[Try it]:
The entries below contain a stretch that opens with the line containing "Local Open Scope classical_set_scope." and closes with the line containing "Definition frob2 (R"; set down that stretch exactly, both ends included, and nothing else.

─── Information shown

(* Let $\mathcal{X}$, $p_{\mathrm{data}}$, $p_{\mathrm{pos}}$ be as in the context, let $\mathcal{F}$ be a class of functions $\mathcal{X}\to\mathbb{R}^k$ with $k=m$, and for $\lambda>0$ let $\mathcal{L}_\lambda(f)=\mathbb{E}_{(x,x^+)\sim p_{\mathrm{pos}}}[\|f(x)-f(x^+)\|_2^2]+\lambda\|\mathbb{E}_{x\sim p_{\mathrm{data}}}[f(x)f(x)^\top]-\mathbb{I}\|_F^2$. Let $\phi\ge 0$ and suppose $f_{\mathrm{eig}}:\mathcal{X}\to\mathbb{R}^m$, $f_{\mathrm{eig}}\in\mathcal{F}$, satisfies $$\mathbb{E}_{(x,x^+)\sim p_{\mathrm{pos}}}\big[\|f_{\mathrm{eig}}(x)-f_{\mathrm{eig}}(x^+)\|_2^2\big]\le\phi,\qquad \mathbb{E}_{x\sim p_{\mathrm{data}}}[f_{\mathrm{eig}}(x)f_{\mathrm{eig}}(x)^\top]=\mathbb{I}.$$ Assume: (A) (with parameters $\tilde\phi,\epsilon$) for every $g:\mathcal{X}\to\mathbb{R}$ of the form $g(x)=f(x)_i$ with $f\in\mathcal{F}$, $i\in[k]$, satisfying $\mathbb{E}_{(x,x^+)\sim p_{\mathrm{pos}}}[(g(x)-g(x^+))^2]\le\tilde\phi\,\mathbb{E}_{x\sim p_{\mathrm{data}}}[g(x)^2]$, there exists $\tilde w\in\mathbb{R}^m$ with $\mathbb{E}_{x\sim p_{\mathrm{data}}}[(\tilde w^\top f_{\mathrm{eig}}(x)-g(x))^2]\le\epsilon$; (B) (with parameters $B,\zeta$) for the downstream label vector $\vec y(x)\in\mathbb{R}^r$ there exists $W^*\in\mathbb{R}^{r\times m}$ with $\|W^*\|_F\le B$ and $\mathbb{E}_{x\sim p_{\mathrm{data}}}[\|W^*f_{\mathrm{eig}}(x)-\vec y(x)\|_2^2]\le\zeta$. Suppose $\tilde\phi>\phi$ or $\tilde\phi=\phi=0$. Then for any $\lambda>0$ with $\phi\le\tilde\phi\,(1-\sqrt{\phi/\lambda})$ and any $\hat f\in\arg\min_{f\in\mathcal{F}}\mathcal{L}_\lambda(f)$, there exists $W\in\mathbb{R}^{r\times k}$ with $$\mathbb{E}_{x\sim p_{\mathrm{data}}}\big[\|W\hat f(x)-\vec y(x)\|_2^2\big]\lesssim\zeta+B^2k\Big(\epsilon+\frac{\phi}{\lambda}\Big).$$
   Context: $p_{\mathrm{pos}}$ is the distribution of positive pairs $(x,x^+)$ (two random views of the same random input) on $\mathcal{X}\times\mathcal{X}$, and $p_{\mathrm{data}}$ is the distribution of a single random view (marginal of $p_{\mathrm{pos}}$). The notation $a\lesssim b$ means $a\le Cb$ for an absolute constant $C$. *)

From HB Require Import structures.
From mathcomp Require Import all_boot all_order all_algebra.
From mathcomp Require Import all_classical all_reals all_analysis.
Set Implicit Arguments. Unset Strict Implicit. Unset Printing Implicit Defensive.
Import Order.TTheory GRing.Theory Num.Theory.
Import numFieldNormedType.Exports.
Local Open Scope classical_set_scope.
Local Open Scope ring_scope.

Definition Expect d (T : measurableType d) (R : realType)
  (P : probability T R) (h : T -> R) : R := Rintegral P setT h.

Definition sqnorm (R : realType) (n : nat) (v : 'cV[R]_n) : R :=
  \sum_(i < n) v i ord0 ^+ 2.

Definition frob2 (R : realType) (p q : nat) (A : 'M[R]_(p, q)) : R :=
  \sum_(i < p) \sum_(j < q) A i j ^+ 2.

Definition covmx d (X : measurableType d) (R : realType) (m : nat)
  (P : probability X R) (f : X -> 'cV[R]_m) : 'M[R]_m :=
  \matrix_(i, j) Expect P (fun x => f x i ord0 * f x j ord0).

Definition Lloss d (X : measurableType d) (R : realType) (m : nat)
  (ppos : probability (X * X)%type R) (pdata : probability X R)
  (lam : R) (f : X -> 'cV[R]_m) : R :=
  Expect ppos (fun z => sqnorm (f z.1 - f z.2))
  + lam * frob2 (covmx pdata f - 1%:M).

──────

[Your solution]:
Local Open Scope classical_set_scope.
Local Open Scope ring_scope.

Definition Expect d (T : measurableType d) (R : realType)
  (P : probability T R) (h : T -> R) : R := Rintegral P setT h.

Definition sqnorm (R : realType) (n : nat) (v : 'cV[R]_n) : R :=
  \sum_(i < n) v i ord0 ^+ 2.

Definition frob2 (R : realType) (p q : nat) (A : 'M[R]_(p, q)) : R :=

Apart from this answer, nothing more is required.